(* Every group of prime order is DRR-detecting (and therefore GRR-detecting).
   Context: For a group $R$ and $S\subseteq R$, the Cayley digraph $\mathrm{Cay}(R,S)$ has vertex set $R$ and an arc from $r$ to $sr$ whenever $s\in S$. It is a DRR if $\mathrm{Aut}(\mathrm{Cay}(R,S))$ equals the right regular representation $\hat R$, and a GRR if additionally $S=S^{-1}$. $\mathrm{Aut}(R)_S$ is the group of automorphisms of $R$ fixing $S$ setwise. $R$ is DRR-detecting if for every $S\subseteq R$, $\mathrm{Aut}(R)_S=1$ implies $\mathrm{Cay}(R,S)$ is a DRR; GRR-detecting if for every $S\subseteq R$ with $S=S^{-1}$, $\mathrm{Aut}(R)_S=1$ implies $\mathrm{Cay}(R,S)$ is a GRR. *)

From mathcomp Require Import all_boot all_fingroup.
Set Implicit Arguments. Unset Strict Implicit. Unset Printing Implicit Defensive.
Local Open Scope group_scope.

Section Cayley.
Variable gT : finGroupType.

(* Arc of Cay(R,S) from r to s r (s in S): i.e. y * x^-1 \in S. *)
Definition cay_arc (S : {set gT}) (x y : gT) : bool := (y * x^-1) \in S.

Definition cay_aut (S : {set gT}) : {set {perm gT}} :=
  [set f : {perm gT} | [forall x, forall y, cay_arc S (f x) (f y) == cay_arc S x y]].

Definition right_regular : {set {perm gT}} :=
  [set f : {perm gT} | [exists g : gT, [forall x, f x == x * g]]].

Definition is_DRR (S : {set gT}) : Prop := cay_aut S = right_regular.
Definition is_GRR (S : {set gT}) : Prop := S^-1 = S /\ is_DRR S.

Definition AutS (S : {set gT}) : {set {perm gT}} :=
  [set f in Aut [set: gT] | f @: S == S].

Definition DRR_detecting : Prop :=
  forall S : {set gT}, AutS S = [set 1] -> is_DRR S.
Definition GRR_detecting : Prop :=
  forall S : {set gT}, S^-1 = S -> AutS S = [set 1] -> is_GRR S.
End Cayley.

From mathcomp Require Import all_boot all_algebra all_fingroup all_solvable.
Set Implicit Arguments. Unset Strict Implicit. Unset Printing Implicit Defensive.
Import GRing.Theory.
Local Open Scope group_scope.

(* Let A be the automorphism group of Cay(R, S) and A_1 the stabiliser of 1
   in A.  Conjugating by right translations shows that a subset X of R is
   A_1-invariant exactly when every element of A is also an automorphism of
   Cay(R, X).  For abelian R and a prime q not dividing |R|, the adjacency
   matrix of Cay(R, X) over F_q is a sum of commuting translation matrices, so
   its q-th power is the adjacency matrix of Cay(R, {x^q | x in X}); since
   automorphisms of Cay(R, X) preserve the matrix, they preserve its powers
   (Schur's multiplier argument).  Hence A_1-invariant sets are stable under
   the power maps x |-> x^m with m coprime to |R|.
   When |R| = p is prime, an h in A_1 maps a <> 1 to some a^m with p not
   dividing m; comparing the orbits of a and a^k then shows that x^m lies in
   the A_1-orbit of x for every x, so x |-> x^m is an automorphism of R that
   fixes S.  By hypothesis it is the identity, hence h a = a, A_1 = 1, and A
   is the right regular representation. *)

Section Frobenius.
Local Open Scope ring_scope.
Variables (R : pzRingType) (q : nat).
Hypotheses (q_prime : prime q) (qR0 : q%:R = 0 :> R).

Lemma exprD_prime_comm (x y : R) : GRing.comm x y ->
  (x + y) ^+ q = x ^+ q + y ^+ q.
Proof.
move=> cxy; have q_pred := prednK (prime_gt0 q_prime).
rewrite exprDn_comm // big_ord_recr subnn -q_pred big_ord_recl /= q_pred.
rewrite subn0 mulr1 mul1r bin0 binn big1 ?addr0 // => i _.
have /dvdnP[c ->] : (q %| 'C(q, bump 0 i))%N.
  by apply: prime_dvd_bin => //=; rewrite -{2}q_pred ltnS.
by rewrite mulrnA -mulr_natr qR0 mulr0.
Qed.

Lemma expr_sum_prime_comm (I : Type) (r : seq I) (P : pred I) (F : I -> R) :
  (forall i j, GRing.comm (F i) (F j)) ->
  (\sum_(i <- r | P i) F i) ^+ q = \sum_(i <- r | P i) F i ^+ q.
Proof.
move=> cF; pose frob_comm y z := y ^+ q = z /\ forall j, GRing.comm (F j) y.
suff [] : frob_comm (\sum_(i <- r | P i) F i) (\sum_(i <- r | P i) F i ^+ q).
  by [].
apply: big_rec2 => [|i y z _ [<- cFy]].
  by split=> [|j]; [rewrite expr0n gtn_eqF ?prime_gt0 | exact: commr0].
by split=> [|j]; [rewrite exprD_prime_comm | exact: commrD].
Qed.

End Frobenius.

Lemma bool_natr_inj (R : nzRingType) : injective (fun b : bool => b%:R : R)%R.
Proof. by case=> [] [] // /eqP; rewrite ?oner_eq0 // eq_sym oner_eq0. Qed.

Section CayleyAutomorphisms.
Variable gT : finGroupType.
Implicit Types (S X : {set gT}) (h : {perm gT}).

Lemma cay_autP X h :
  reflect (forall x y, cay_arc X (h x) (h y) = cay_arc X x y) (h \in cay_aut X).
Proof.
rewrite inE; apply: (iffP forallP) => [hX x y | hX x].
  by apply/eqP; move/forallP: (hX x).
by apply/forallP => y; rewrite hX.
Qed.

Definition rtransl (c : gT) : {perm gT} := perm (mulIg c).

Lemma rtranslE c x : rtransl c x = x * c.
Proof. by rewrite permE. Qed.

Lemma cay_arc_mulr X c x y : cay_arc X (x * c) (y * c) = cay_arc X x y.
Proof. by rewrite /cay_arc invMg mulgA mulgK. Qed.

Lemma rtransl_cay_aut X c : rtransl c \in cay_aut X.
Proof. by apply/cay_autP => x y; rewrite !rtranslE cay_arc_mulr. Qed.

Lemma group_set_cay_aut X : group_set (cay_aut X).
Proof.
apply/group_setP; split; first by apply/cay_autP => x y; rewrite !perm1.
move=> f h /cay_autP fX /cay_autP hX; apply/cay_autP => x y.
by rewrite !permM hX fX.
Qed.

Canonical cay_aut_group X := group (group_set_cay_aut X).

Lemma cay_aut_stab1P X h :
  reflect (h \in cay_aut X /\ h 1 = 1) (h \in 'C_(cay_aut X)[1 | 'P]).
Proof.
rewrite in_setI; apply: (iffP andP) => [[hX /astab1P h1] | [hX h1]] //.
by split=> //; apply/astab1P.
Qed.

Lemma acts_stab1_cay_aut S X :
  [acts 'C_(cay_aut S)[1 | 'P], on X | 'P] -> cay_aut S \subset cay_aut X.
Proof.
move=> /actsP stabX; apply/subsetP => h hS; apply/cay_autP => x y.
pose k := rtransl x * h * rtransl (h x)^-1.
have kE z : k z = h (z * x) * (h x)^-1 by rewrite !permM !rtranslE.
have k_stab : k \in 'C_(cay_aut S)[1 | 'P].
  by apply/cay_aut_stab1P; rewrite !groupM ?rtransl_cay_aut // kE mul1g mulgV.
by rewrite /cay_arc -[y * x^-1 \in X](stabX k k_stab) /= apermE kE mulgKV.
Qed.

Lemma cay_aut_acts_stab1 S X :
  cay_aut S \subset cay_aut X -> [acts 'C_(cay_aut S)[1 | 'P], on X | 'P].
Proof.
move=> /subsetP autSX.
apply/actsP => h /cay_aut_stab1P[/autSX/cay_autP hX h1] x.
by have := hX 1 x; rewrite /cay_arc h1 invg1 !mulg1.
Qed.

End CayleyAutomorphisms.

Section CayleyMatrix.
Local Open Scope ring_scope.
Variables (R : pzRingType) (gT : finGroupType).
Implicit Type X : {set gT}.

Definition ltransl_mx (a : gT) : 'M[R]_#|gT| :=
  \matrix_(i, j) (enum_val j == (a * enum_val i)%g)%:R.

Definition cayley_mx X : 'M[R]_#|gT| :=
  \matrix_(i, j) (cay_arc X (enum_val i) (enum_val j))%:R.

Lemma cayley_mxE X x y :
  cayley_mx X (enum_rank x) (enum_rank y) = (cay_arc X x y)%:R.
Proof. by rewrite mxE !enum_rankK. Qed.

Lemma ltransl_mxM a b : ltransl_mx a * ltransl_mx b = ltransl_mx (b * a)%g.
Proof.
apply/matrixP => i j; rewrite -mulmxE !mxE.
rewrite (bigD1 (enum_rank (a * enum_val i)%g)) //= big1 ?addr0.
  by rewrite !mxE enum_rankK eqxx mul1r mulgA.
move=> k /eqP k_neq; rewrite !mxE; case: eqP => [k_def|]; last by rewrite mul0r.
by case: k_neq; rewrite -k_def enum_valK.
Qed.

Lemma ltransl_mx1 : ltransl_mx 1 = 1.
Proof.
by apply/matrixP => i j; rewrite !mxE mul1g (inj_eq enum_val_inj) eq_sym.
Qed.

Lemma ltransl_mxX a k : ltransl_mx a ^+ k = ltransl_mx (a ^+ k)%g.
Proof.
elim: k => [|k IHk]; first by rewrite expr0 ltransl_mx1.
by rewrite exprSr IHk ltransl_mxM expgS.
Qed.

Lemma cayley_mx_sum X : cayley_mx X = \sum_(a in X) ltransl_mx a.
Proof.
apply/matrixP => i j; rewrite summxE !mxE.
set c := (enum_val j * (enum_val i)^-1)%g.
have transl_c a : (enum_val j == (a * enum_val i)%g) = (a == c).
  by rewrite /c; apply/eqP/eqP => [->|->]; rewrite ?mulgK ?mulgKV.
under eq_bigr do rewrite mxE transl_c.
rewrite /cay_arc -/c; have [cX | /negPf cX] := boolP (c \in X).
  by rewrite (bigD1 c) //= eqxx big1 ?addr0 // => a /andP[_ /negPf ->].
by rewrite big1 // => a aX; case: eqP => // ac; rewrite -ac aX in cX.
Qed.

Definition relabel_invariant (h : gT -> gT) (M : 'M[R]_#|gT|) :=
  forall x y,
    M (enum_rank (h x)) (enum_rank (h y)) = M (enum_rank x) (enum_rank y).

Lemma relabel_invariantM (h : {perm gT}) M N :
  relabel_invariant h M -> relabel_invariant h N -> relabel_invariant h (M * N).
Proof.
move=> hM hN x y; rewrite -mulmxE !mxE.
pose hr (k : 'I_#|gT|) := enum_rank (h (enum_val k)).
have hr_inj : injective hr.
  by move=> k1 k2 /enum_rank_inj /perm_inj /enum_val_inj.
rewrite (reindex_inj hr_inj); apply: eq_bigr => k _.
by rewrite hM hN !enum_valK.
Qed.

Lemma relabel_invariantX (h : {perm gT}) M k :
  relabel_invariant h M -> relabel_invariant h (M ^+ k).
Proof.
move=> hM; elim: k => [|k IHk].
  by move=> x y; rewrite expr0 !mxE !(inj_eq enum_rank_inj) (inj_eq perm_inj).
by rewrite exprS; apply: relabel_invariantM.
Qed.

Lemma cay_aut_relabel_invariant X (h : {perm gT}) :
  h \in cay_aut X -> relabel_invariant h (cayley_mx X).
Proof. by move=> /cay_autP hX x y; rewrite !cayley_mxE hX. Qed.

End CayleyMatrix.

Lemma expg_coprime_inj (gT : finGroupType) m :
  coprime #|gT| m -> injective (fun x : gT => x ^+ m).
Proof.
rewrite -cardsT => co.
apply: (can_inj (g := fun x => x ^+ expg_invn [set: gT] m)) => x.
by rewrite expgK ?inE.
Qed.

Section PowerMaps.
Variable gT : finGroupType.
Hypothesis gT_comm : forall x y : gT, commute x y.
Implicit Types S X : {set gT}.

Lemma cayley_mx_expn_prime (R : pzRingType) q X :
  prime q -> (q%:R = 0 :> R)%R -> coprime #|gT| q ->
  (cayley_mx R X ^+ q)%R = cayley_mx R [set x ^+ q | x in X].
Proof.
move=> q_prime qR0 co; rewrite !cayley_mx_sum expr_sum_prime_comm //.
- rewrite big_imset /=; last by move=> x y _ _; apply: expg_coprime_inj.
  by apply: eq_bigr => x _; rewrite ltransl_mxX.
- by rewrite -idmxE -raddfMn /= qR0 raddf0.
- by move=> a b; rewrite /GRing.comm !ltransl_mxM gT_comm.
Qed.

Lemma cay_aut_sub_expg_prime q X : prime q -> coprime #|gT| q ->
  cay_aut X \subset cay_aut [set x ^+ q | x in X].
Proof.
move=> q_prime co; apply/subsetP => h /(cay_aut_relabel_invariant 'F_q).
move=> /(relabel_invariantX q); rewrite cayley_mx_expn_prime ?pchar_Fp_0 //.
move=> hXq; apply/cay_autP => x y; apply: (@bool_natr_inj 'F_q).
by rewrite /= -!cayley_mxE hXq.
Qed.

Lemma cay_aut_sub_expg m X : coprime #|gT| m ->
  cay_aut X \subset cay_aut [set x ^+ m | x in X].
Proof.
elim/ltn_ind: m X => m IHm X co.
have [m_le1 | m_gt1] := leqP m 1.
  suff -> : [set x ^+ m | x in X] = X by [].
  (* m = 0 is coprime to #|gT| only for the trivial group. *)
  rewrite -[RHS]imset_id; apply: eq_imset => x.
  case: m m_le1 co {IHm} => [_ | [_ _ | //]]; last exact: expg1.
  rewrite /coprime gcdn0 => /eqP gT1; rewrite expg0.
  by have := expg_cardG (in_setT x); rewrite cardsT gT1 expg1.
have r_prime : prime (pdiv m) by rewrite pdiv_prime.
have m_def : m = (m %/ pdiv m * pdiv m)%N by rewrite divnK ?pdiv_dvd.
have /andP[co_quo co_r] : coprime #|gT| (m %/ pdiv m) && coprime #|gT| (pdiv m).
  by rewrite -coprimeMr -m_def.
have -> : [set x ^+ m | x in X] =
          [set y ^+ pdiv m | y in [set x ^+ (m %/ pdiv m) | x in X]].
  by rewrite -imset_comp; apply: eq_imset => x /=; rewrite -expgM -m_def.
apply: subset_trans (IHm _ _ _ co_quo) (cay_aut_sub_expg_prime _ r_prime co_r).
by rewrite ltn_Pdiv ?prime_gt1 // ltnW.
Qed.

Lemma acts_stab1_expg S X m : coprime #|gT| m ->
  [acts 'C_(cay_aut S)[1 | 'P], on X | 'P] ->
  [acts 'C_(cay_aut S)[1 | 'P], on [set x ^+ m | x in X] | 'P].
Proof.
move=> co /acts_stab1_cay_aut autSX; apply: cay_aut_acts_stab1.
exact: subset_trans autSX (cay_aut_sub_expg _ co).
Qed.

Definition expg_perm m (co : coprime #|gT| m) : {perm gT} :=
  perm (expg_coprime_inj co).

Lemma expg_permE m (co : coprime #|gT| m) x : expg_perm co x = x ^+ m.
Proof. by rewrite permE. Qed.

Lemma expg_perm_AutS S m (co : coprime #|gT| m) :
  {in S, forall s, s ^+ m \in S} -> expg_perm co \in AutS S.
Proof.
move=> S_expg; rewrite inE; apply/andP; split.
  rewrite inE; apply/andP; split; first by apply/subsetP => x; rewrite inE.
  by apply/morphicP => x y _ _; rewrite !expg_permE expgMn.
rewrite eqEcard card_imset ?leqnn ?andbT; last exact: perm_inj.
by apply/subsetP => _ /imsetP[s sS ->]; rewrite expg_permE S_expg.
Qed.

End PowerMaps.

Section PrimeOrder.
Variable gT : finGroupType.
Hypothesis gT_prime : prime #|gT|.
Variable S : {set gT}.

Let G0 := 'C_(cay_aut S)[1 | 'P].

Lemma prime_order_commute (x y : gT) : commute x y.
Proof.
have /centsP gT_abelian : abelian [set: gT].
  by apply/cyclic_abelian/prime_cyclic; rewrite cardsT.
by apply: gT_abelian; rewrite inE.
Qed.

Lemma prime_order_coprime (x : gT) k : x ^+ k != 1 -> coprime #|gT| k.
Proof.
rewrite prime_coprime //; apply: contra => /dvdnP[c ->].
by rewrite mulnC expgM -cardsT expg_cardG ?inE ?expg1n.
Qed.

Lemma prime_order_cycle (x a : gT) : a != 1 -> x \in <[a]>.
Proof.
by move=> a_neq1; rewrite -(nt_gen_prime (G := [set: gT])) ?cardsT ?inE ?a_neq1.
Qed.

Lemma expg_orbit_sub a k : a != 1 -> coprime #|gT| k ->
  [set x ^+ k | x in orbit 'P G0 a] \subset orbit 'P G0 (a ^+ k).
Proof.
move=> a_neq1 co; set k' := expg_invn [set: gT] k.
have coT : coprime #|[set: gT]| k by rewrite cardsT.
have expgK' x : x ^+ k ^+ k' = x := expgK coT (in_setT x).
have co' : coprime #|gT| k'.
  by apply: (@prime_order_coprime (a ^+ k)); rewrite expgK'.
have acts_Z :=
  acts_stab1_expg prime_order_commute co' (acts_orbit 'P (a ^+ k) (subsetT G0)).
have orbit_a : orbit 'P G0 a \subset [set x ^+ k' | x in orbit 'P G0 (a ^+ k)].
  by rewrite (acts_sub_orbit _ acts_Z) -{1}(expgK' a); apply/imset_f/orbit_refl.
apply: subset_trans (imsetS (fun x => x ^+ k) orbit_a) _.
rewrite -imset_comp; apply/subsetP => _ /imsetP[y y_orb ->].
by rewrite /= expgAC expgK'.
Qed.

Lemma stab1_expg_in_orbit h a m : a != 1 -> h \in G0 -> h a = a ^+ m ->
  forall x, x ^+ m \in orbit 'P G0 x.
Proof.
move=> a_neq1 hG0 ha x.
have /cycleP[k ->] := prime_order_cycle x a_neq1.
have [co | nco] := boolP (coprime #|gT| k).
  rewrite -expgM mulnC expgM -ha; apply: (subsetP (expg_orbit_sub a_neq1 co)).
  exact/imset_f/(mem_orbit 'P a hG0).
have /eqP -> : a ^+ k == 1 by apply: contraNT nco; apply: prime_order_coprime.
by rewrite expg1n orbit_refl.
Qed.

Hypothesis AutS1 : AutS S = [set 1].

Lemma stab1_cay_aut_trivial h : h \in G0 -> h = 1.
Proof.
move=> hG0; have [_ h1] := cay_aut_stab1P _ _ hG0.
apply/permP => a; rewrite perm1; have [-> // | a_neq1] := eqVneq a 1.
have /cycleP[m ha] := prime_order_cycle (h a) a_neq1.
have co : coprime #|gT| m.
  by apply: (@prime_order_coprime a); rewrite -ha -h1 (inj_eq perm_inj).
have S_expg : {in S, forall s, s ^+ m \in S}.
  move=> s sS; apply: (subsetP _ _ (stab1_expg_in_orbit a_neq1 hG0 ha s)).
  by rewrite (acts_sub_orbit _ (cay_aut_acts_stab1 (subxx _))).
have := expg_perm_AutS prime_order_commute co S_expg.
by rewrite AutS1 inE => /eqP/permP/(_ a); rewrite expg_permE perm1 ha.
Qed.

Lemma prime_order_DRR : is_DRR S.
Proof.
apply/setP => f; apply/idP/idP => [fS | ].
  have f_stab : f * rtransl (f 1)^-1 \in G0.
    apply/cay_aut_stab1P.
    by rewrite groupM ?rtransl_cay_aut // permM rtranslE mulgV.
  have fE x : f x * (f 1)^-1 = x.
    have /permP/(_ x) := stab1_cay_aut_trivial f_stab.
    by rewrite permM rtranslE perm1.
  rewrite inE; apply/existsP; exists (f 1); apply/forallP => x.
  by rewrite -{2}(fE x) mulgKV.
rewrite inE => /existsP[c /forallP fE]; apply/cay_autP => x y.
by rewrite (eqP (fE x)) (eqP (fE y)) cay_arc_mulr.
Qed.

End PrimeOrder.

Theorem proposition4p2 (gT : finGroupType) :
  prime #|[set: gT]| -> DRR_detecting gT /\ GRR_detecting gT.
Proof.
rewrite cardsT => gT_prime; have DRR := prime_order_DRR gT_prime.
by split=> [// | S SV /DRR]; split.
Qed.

## [What this task involves]
All that is needed is the number of lines above in which the string "GRing" appears.

## [Worked solution]
5